• [ABOUT THIS EXERCISE]: Your answer is to be every line of the material that includes the string "mathfrak".

• [EXERCISE INPUT]:
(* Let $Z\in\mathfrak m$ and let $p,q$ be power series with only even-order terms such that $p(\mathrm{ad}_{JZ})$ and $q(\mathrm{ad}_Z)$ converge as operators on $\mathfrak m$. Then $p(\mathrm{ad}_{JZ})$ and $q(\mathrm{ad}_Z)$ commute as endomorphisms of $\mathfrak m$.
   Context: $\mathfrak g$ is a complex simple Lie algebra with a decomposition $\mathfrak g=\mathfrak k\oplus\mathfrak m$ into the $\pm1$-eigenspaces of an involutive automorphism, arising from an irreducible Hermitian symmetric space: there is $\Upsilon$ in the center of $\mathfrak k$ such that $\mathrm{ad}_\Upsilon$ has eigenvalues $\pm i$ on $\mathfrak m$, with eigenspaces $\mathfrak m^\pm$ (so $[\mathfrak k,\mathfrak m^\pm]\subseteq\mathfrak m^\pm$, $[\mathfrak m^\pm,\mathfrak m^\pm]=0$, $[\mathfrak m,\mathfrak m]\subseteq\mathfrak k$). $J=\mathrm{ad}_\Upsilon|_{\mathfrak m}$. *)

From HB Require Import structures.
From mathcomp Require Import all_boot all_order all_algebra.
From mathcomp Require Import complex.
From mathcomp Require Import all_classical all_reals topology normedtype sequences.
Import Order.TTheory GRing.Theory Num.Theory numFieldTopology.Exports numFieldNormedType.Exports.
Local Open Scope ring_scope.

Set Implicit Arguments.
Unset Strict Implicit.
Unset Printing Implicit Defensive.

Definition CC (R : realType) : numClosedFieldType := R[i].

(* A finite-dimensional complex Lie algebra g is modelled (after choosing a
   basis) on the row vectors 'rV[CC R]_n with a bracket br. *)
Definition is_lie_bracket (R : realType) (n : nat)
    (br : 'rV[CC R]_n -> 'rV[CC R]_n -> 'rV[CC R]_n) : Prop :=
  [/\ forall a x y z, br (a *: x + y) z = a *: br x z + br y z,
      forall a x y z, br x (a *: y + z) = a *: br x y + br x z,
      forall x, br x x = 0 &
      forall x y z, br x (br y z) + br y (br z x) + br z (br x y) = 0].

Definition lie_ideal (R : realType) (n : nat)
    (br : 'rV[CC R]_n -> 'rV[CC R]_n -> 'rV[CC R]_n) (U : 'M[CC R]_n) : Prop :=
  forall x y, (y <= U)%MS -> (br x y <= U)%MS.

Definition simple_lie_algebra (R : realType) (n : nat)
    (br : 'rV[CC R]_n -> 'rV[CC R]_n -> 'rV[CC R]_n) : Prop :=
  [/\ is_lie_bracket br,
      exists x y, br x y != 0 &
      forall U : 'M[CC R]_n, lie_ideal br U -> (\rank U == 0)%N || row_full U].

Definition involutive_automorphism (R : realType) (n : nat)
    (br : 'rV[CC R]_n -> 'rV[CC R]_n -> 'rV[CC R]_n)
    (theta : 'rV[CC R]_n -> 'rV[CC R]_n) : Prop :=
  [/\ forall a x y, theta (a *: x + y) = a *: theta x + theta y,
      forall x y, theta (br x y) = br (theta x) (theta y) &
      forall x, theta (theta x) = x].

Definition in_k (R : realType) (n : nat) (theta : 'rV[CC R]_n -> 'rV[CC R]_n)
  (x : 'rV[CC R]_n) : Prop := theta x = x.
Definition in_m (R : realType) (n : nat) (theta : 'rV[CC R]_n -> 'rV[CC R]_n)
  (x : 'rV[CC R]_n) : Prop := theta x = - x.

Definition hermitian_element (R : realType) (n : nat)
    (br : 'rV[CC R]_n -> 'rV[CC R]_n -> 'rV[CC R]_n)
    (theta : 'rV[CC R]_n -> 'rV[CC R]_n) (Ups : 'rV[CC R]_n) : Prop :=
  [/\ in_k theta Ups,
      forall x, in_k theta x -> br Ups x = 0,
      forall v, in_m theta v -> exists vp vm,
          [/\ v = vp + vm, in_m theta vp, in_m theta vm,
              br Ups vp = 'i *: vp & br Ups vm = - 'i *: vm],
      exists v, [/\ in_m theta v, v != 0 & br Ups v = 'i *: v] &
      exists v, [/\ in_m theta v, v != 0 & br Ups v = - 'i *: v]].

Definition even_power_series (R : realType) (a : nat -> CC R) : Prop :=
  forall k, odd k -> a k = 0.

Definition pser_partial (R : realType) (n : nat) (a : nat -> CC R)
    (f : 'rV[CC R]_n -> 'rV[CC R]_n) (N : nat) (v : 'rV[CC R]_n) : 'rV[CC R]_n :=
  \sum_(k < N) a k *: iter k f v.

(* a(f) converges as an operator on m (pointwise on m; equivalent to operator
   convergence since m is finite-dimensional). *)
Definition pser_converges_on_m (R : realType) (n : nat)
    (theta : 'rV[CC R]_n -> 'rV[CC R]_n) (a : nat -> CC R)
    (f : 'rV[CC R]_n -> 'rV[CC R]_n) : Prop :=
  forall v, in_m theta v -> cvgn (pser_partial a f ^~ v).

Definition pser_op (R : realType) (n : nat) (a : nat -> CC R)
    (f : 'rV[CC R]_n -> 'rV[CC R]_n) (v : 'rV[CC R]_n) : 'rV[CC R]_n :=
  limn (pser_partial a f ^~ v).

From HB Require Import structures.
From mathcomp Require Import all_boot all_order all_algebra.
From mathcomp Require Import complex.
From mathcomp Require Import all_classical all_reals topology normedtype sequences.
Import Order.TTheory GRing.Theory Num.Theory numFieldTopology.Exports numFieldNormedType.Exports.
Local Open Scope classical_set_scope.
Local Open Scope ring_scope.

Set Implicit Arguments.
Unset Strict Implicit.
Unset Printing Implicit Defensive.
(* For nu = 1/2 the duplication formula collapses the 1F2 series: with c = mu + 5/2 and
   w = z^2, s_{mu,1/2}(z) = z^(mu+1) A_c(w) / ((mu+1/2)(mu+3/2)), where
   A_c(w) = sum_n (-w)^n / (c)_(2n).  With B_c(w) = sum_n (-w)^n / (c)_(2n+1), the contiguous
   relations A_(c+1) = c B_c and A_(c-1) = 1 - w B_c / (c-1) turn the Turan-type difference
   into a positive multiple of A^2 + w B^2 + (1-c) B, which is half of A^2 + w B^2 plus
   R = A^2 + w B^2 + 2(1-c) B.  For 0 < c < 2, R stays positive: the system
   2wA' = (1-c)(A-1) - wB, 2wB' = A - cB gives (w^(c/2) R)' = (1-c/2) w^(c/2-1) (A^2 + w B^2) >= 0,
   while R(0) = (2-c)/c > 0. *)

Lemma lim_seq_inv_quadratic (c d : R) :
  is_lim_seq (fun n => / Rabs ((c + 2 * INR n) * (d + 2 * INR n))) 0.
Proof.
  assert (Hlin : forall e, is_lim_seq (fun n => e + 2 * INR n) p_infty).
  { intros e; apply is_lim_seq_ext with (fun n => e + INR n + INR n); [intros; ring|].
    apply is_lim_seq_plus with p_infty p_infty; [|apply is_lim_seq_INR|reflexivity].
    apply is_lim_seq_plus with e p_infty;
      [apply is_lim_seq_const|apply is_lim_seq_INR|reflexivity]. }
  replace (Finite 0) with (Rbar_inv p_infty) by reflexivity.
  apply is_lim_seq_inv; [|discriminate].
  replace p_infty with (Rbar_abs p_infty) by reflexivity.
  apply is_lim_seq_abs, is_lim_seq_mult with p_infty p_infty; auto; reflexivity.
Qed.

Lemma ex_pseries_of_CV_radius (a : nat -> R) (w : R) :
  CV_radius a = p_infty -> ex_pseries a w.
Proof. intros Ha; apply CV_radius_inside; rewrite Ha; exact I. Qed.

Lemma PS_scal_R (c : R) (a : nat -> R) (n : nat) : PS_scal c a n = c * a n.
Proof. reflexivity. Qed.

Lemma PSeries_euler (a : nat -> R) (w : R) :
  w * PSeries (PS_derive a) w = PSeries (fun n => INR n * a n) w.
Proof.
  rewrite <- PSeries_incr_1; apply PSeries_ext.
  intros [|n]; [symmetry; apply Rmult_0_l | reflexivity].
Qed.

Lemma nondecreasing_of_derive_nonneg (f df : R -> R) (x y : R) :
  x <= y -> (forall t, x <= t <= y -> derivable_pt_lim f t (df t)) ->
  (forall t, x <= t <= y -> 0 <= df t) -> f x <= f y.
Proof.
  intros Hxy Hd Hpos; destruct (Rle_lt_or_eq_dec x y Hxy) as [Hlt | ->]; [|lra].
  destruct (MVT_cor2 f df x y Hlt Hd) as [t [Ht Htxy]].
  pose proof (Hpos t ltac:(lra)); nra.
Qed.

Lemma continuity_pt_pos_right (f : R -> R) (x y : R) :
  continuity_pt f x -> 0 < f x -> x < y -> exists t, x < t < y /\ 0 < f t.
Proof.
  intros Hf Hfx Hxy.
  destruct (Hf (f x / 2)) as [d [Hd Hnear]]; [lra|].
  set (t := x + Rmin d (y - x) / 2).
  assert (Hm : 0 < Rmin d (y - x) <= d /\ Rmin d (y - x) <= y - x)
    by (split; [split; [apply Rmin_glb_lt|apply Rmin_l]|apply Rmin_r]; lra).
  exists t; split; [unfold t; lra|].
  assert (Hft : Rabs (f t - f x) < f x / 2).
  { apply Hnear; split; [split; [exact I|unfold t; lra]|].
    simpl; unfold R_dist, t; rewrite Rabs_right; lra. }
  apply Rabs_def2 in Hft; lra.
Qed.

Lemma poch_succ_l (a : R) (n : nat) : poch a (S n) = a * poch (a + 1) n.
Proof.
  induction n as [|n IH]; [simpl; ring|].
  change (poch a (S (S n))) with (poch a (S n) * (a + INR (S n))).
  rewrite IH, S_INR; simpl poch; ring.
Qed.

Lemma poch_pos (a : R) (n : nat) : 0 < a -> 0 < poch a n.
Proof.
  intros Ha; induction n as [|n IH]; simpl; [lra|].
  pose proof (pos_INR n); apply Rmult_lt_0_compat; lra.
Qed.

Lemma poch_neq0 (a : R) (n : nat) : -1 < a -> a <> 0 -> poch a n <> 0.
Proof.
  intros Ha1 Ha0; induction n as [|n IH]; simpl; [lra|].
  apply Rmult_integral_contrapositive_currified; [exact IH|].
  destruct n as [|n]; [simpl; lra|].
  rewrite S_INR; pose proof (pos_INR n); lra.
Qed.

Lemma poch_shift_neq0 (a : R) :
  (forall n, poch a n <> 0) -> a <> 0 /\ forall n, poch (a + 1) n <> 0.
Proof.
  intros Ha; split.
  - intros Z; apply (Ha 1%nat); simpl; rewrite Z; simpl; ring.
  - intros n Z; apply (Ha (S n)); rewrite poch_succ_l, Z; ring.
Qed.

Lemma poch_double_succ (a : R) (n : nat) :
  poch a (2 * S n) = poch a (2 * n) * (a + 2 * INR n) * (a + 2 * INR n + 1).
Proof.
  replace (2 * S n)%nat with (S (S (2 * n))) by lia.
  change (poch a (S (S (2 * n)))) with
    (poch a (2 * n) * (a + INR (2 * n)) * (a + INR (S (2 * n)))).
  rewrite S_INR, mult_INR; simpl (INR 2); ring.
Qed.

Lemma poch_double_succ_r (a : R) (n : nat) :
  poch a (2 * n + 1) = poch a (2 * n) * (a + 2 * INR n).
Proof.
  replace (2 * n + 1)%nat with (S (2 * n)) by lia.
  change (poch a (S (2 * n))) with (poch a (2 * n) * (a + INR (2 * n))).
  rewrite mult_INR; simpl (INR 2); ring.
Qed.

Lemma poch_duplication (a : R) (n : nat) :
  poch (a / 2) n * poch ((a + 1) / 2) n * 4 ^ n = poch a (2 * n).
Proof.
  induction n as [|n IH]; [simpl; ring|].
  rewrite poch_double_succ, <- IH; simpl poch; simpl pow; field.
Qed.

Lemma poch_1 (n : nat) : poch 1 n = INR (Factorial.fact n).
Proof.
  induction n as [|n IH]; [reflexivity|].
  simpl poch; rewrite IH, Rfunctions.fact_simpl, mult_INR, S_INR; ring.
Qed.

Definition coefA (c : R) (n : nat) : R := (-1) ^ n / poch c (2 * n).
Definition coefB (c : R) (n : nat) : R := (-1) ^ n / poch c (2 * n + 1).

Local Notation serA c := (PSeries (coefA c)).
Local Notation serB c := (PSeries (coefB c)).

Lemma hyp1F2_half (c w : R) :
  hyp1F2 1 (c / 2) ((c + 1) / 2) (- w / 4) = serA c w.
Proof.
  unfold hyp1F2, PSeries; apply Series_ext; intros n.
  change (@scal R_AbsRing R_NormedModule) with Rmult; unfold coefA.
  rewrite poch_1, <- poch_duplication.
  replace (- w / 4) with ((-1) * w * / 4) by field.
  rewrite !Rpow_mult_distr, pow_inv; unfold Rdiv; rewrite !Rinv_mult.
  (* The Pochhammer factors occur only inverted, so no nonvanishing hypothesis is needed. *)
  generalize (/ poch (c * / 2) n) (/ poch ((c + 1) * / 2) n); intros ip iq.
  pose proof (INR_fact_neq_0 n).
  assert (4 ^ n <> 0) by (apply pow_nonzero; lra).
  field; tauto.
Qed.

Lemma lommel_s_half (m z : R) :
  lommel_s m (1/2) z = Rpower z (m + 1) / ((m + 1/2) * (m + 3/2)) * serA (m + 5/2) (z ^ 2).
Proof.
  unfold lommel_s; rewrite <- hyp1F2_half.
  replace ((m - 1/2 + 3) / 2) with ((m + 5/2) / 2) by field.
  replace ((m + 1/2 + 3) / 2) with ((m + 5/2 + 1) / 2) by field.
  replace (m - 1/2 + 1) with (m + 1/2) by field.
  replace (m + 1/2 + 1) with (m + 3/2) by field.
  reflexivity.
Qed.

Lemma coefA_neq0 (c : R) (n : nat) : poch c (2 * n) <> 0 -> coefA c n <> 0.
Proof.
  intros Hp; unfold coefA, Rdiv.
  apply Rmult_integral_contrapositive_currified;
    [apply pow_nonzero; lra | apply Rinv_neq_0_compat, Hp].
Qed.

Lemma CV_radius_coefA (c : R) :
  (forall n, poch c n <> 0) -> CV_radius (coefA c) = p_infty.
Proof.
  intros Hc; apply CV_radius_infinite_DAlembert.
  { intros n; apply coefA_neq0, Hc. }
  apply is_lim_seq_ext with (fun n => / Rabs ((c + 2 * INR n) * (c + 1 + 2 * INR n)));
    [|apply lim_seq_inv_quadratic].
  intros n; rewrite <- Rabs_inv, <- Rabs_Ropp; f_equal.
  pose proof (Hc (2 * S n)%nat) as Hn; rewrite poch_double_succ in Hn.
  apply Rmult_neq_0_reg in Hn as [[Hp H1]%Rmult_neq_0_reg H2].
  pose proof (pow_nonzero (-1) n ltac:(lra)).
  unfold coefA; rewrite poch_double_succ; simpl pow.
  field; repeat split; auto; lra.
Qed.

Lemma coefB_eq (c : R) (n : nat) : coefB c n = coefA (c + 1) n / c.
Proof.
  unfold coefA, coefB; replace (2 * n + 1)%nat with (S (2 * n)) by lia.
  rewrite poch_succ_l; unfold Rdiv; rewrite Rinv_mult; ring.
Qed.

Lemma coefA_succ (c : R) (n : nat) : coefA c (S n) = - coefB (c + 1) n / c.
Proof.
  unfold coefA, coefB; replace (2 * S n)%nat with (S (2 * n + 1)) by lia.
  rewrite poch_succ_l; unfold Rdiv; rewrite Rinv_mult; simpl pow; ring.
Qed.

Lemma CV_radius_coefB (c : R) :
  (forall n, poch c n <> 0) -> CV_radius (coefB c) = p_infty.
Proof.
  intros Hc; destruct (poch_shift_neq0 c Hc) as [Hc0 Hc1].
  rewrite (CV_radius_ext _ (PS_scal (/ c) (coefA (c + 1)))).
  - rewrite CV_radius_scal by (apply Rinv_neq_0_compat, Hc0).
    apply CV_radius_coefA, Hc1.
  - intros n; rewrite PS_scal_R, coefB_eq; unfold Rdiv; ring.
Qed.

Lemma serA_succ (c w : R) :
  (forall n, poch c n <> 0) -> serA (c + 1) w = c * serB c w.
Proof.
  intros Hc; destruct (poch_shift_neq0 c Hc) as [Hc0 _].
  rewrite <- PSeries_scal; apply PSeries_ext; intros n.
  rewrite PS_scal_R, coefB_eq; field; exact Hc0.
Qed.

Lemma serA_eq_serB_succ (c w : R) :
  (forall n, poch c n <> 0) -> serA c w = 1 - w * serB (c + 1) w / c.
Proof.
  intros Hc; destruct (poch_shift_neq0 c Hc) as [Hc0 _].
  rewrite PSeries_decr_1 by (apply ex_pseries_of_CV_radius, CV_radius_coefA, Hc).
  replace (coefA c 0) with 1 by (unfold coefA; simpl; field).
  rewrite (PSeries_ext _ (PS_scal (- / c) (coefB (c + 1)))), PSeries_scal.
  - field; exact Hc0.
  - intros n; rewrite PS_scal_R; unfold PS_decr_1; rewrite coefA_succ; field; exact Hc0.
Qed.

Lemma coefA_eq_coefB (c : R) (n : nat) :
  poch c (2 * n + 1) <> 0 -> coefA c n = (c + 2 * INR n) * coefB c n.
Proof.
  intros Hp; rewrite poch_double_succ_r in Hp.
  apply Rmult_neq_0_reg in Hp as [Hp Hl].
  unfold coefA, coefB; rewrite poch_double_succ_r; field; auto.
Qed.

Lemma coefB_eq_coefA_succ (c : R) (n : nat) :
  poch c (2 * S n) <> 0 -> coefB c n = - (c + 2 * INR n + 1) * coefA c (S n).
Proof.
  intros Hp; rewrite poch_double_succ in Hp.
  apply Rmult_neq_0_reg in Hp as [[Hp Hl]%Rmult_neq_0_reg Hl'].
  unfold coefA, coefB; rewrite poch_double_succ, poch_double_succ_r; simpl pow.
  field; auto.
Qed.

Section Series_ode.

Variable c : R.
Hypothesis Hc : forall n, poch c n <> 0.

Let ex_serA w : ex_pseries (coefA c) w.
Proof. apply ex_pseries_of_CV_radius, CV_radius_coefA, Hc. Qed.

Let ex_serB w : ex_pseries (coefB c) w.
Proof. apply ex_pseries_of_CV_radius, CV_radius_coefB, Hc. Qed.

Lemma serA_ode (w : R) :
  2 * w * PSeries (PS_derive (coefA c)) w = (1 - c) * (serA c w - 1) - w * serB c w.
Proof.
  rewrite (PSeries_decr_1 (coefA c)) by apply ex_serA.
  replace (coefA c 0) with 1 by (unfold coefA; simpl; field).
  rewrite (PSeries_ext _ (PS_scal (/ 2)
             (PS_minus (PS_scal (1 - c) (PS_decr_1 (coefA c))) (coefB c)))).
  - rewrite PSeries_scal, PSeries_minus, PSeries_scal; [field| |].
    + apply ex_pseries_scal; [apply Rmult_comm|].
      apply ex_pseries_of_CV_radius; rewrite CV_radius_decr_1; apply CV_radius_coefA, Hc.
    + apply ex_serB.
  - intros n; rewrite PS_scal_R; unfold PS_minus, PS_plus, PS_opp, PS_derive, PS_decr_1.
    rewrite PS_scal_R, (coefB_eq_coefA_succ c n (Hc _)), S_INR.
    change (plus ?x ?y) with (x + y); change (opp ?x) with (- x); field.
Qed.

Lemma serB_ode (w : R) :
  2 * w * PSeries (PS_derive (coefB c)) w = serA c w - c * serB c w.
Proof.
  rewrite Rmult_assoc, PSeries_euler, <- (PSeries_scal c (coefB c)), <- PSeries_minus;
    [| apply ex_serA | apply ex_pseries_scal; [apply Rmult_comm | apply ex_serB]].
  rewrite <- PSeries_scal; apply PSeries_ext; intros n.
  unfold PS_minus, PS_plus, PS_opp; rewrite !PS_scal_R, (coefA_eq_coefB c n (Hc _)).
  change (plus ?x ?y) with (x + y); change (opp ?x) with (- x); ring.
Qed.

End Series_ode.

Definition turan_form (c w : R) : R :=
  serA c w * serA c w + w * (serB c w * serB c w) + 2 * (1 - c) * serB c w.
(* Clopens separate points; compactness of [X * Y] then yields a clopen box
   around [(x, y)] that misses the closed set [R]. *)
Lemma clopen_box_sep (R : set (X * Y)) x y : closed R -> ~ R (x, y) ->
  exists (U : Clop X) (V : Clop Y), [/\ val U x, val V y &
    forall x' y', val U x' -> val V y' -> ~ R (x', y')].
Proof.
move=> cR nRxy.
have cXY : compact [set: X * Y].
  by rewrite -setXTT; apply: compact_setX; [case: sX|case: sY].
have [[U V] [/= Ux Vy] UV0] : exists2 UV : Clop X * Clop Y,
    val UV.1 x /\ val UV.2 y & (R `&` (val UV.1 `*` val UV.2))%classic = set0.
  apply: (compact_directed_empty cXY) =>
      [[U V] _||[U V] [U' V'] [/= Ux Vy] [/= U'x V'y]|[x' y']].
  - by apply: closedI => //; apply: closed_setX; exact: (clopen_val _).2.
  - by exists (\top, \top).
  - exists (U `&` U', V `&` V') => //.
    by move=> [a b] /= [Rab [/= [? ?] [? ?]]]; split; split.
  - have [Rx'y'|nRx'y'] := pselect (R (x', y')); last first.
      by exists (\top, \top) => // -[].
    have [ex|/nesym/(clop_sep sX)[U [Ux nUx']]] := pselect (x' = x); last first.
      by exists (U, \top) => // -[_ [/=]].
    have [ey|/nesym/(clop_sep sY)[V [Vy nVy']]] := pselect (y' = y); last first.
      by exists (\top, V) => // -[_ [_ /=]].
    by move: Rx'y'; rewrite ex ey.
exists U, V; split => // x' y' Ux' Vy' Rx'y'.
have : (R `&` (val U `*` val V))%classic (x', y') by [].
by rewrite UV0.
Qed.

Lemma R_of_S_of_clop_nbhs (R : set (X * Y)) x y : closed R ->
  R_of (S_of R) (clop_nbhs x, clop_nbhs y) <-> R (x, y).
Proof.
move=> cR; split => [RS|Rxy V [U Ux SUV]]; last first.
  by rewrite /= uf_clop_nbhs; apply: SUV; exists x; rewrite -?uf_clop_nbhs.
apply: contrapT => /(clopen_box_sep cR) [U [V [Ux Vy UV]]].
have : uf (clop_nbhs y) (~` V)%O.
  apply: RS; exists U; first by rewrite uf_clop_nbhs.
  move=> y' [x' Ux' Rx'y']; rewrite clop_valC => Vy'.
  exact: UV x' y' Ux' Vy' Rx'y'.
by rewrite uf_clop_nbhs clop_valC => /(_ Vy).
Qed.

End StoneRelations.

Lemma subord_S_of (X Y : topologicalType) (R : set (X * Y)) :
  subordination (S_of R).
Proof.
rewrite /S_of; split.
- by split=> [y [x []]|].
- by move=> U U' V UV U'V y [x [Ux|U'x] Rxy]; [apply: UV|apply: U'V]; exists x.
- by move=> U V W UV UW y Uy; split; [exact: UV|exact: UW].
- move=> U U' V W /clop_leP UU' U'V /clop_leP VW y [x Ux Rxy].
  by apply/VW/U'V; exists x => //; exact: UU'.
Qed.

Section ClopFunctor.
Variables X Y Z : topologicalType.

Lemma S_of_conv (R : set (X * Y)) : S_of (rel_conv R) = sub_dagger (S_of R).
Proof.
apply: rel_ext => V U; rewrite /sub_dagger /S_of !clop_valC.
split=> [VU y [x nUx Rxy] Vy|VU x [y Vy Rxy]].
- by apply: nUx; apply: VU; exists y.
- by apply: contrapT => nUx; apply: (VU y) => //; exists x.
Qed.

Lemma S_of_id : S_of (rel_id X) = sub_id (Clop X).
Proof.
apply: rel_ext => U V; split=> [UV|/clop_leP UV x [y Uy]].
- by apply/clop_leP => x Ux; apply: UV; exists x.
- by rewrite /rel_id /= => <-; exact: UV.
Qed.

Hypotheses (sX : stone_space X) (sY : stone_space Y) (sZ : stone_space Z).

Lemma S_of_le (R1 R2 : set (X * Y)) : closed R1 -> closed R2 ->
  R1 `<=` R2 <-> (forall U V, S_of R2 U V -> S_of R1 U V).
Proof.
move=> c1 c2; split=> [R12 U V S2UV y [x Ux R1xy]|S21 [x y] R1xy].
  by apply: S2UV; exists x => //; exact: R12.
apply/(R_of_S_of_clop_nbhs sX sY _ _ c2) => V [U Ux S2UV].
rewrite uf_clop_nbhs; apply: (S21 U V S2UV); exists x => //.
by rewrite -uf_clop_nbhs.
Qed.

• [RESPONSE TO THE TASK]:
(* Let $Z\in\mathfrak m$ and let $p,q$ be power series with only even-order terms such that $p(\mathrm{ad}_{JZ})$ and $q(\mathrm{ad}_Z)$ converge as operators on $\mathfrak m$. Then $p(\mathrm{ad}_{JZ})$ and $q(\mathrm{ad}_Z)$ commute as endomorphisms of $\mathfrak m$.
   Context: $\mathfrak g$ is a complex simple Lie algebra with a decomposition $\mathfrak g=\mathfrak k\oplus\mathfrak m$ into the $\pm1$-eigenspaces of an involutive automorphism, arising from an irreducible Hermitian symmetric space: there is $\Upsilon$ in the center of $\mathfrak k$ such that $\mathrm{ad}_\Upsilon$ has eigenvalues $\pm i$ on $\mathfrak m$, with eigenspaces $\mathfrak m^\pm$ (so $[\mathfrak k,\mathfrak m^\pm]\subseteq\mathfrak m^\pm$, $[\mathfrak m^\pm,\mathfrak m^\pm]=0$, $[\mathfrak m,\mathfrak m]\subseteq\mathfrak k$). $J=\mathrm{ad}_\Upsilon|_{\mathfrak m}$. *)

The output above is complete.